Originally posted by UzumakiAi
This number has 9 digits, uses 1-9, and repeats no numbers. It is divisible by 9. If the most right digit were not there, the number would be divisible by 8. If this step were repeated on the next number, the remaining number should be divisible by 7. This goes on until the last number would have 1 digit and be divisible by 1.
Please show how you got th ...[text shortened]... 10 minutes to figure this out, so I will post the answer (if no one is right) in about 10 days.

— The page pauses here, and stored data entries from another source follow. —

Lemma apow_complex_line m : apow x m =
  ((~~ odd m)%:R * (-1) ^+ m./2 * t ^+ m) *: aone R +
  ((odd m)%:R * (-1) ^+ m.-1./2 * t ^+ m) *: j.
Proof.
elim: m => [|m IH]; first by rewrite /= !mul0r scale0r addr0 !expr0 !mulr1 scale1r.
rewrite /apow iterS -/(apow x m) IH x_mul; congr (_ *: _ + _ *: _).
- case: m {IH} => [|m]; first by rewrite !mul0r mulr0 oppr0.
  by rewrite /= negbK; case: (odd m); rewrite /= ?exprS; ring.
- by rewrite /=; case: (odd m); rewrite /= ?exprS; ring.
Qed.

Lemma aexp_complex_line : aexp x = cos t *: aone R + sin t *: j.
Proof.
rewrite /aexp.
have -> : series (fun m : nat => (m`!%:R)^-1 *: apow x m) =
    (fun n => series (cos_coeff t) n *: aone R + series (sin_coeff t) n *: j).
  apply/funext => n; rewrite /series /= !scaler_suml -big_split /=.
  apply: eq_bigr => m _; rewrite apow_complex_line scalerDr !scalerA.
  by congr (_ *: _ + _ *: _); rewrite /cos_coeff /sin_coeff /= -?exprnP; ring.
apply: cvg_lim => //; apply: cvgD; apply: cvgZr_tmp.
- by rewrite cos.unlock; exact: is_cvg_series_cos_coeff.
- by rewrite sin.unlock; exact: is_cvg_series_sin_coeff.
Qed.

End ComplexLine.

Lemma aexp_e1 (t : R) : aexp (t *: e1 R) = mkA (cos t) (sin t) 0 0.
Proof.
rewrite (@aexp_complex_line _ (e1 R) t) => [|p q]; first by rewrite mkAE !scale0r !addr0.
by rewrite /aone /e1 !mkAZ !mkAD amul_mkA; congr mkA; ring.
Qed.

Lemma aexp_e12 (t : R) : aexp (t *: e12 R) = mkA (cos t) 0 0 (sin t).
Proof.
rewrite (@aexp_complex_line _ (e12 R) t) => [|p q]; first by rewrite mkAE !scale0r !addr0.
by rewrite /aone /e12 !mkAZ !mkAD amul_mkA; congr mkA; ring.
Qed.

Definition psi_trig (be s d : R) : A2 :=
  mkA (cos be * cos s) (cos be * sin s) (sin be * sin d) (sin be * cos d).

Lemma psi0E al be ga : psi0 al be ga = psi_trig be (al + ga) (ga - al).
Proof.
rewrite /psi0 aexp_e1 aexp_e12 aexp_e1 !amul_mkA /psi_trig.
by rewrite cosD sinD sinB cosB; congr mkA; ring.
Qed.

End Exponential.

Lemma periodicz {U : zmodType} {T : Type} (f : U -> T) (p : U) :
  (forall x, f (x + p) = f x) -> forall (k : int) x, f (x + p *~ k) = f x.
Proof.
move=> fp k x; have fN y : f (y - p) = f y by rewrite -[in RHS](subrK p y) fp.
case: k => n; rewrite ?NegzE ?mulrNz -?pmulrn.
- by elim: n => [|n IH]; rewrite ?mulr0n ?addr0 // mulrSr addrA fp.
- by elim: n => [|n IH]; rewrite ?mulr1n ?fN // mulrSr opprD addrA fN.
Qed.

Section Trigonometry.
Variable R : realType.
Local Notation pi := (trigo.pi : R).

Lemma cosBpi (x : R) : cos (x - pi) = - cos x.
Proof. by rewrite -[in RHS](subrK pi x) cosDpi opprK. Qed.

Lemma sinBpi (x : R) : sin (x - pi) = - sin x.
Proof. by rewrite -[in RHS](subrK pi x) sinDpi opprK. Qed.

Lemma cos_eq1 (t : R) : cos t = 1 -> exists k : int, t = (k * 2)%:~R * pi.
Proof.
move=> ct1; pose n := Num.floor (t / (pi *+ 2)); exists n.
have pi2_gt0 : 0 < pi *+ 2 by rewrite pmulrn_lgt0 // pi_gt0.
pose t0 := t - (n * 2)%:~R * pi.
have t0E : t0 = t + (pi *+ 2) *~ (- n).
  by rewrite /t0 mulrNz -mulrzl intrM -mulr_natl; ring.
have ct0 : cos t0 = 1 by rewrite t0E periodicz //; exact: cosD2pi.
have [t0_ge0 t0_lt] : 0 <= t0 /\ t0 < pi *+ 2.
  have /andP[lo hi] := floor_itv (t / (pi *+ 2)).
  rewrite ler_pdivlMr // in lo; rewrite ltr_pdivrMr // intrD in hi.
  by rewrite /t0 intrM -mulrA mulr_natl; split; [rewrite subr_ge0|]; lra.
suff : t0 = 0 by rewrite /t0 => /eqP; rewrite subr_eq0 => /eqP.
have cos0_inj y : 0 <= y <= pi -> cos y = 1 -> y = 0.
  move=> y_itv cy; apply: cos_inj; rewrite ?in_itv //= ?lexx ?pi_ge0 //.
  by rewrite cy cos0.
have [t0_le|t0_gt] := lerP t0 pi; first by apply: cos0_inj; rewrite ?t0_ge0.
suff : pi *+ 2 - t0 = 0 by lra.
apply: cos0_inj; first by apply/andP; split; rewrite mulr2n; lra.
by rewrite -cosN opprB -ct0 -{2}(subrK (pi *+ 2) t0) cosD2pi.
Qed.

Lemma sin2_neq0 (x : R) : sin (2 * x) != 0 -> cos x != 0 /\ sin x != 0.
Proof.
by rewrite mulr_natl sin_mulr2n -mulr_natl !mulf_eq0 !negb_or => /and3P[_ ? ?].
Qed.

Lemma cos_sin_sign (x y : R) (b : bool) :
  cos y = (-1) ^+ b * cos x -> sin y = (-1) ^+ b * sin x ->
  exists k : int, y - x = (k * 2 + b)%:~R * pi.
Proof.
move=> cy sy.
have [k xk] : exists k : int, y - (x + b%:R * pi) = (k * 2)%:~R * pi.
  apply: cos_eq1; rewrite cosB cy sy mulr_natl.
  case: b {cy sy}; last by rewrite mulr0n addr0 expr0 !mul1r -!expr2 cos2Dsin2.
  by rewrite mulr1n cosDpi sinDpi expr1 !mulN1r !mulrNN -!expr2 cos2Dsin2.
by exists k; rewrite intrD mulrDl -xk; ring.
Qed.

I don't know if this is a unique solution. My method was as follows:
A) Observe that divisibility by 9 for the whole thing is inevitable - the digits sum to 45, a multiple of 9. Divisibility by 1 for the sole digit is also obviously inevitable.
B) Positions 2, 4, 6 and 8 had to be evens, and the rest odd, fairly obviously.
C) Position 5 had to be 5.
D) Position 4 had to be either 2 or 6. The reason for this is that any odd digit followed by a 2 or 6 will be a multiple of 4, but an odd digit followed by a 4 or 8 won't. For divisibility by 4, only the last two digits are relevant.
E) Similarly, but slightly less obviously, because position 6 is even, and hence position 6 multiplied by 100 is a multiple of 200 and hence of 8, it follows that positions 7 and 8 combined had to be a multiple of 8. Stripping out those with doubled up digits and zeros, that means only 16, 32, 72 or 96 were candidates, which makes position 8 either 2 or 6.
F) Positions 1, 2 and 3 had to sum to three. Because the three-digit number was a multiple of three, the 6 digit number would be a multiple of three, multiplied by 1,000, plus three more digits, which meant that the number at the next three positions had to be a multiple of three, so digits 4,5 and 6 had to sum to three. By the same logic, so did the digits 7 through 9.
G) That left me the following:
Digits 4,5,6 either 654 or 258.
Digits 7,8,9 either 321,327,723,729 or 963.
The remaining even digit would go into position two. The remaining odd digits would go into positions 1 or 3.
That narrows it down to at most 2x5x2 = 20 options.
At that point I got lazy and built a spreadsheet to do trial or error and see which of these permutations divides by 7. 381654729 was the first one I found. It wouldn't take long to check the rest. I can't see how to narrow it down much further than that. I am not aware of any simple test for divisibility by 7.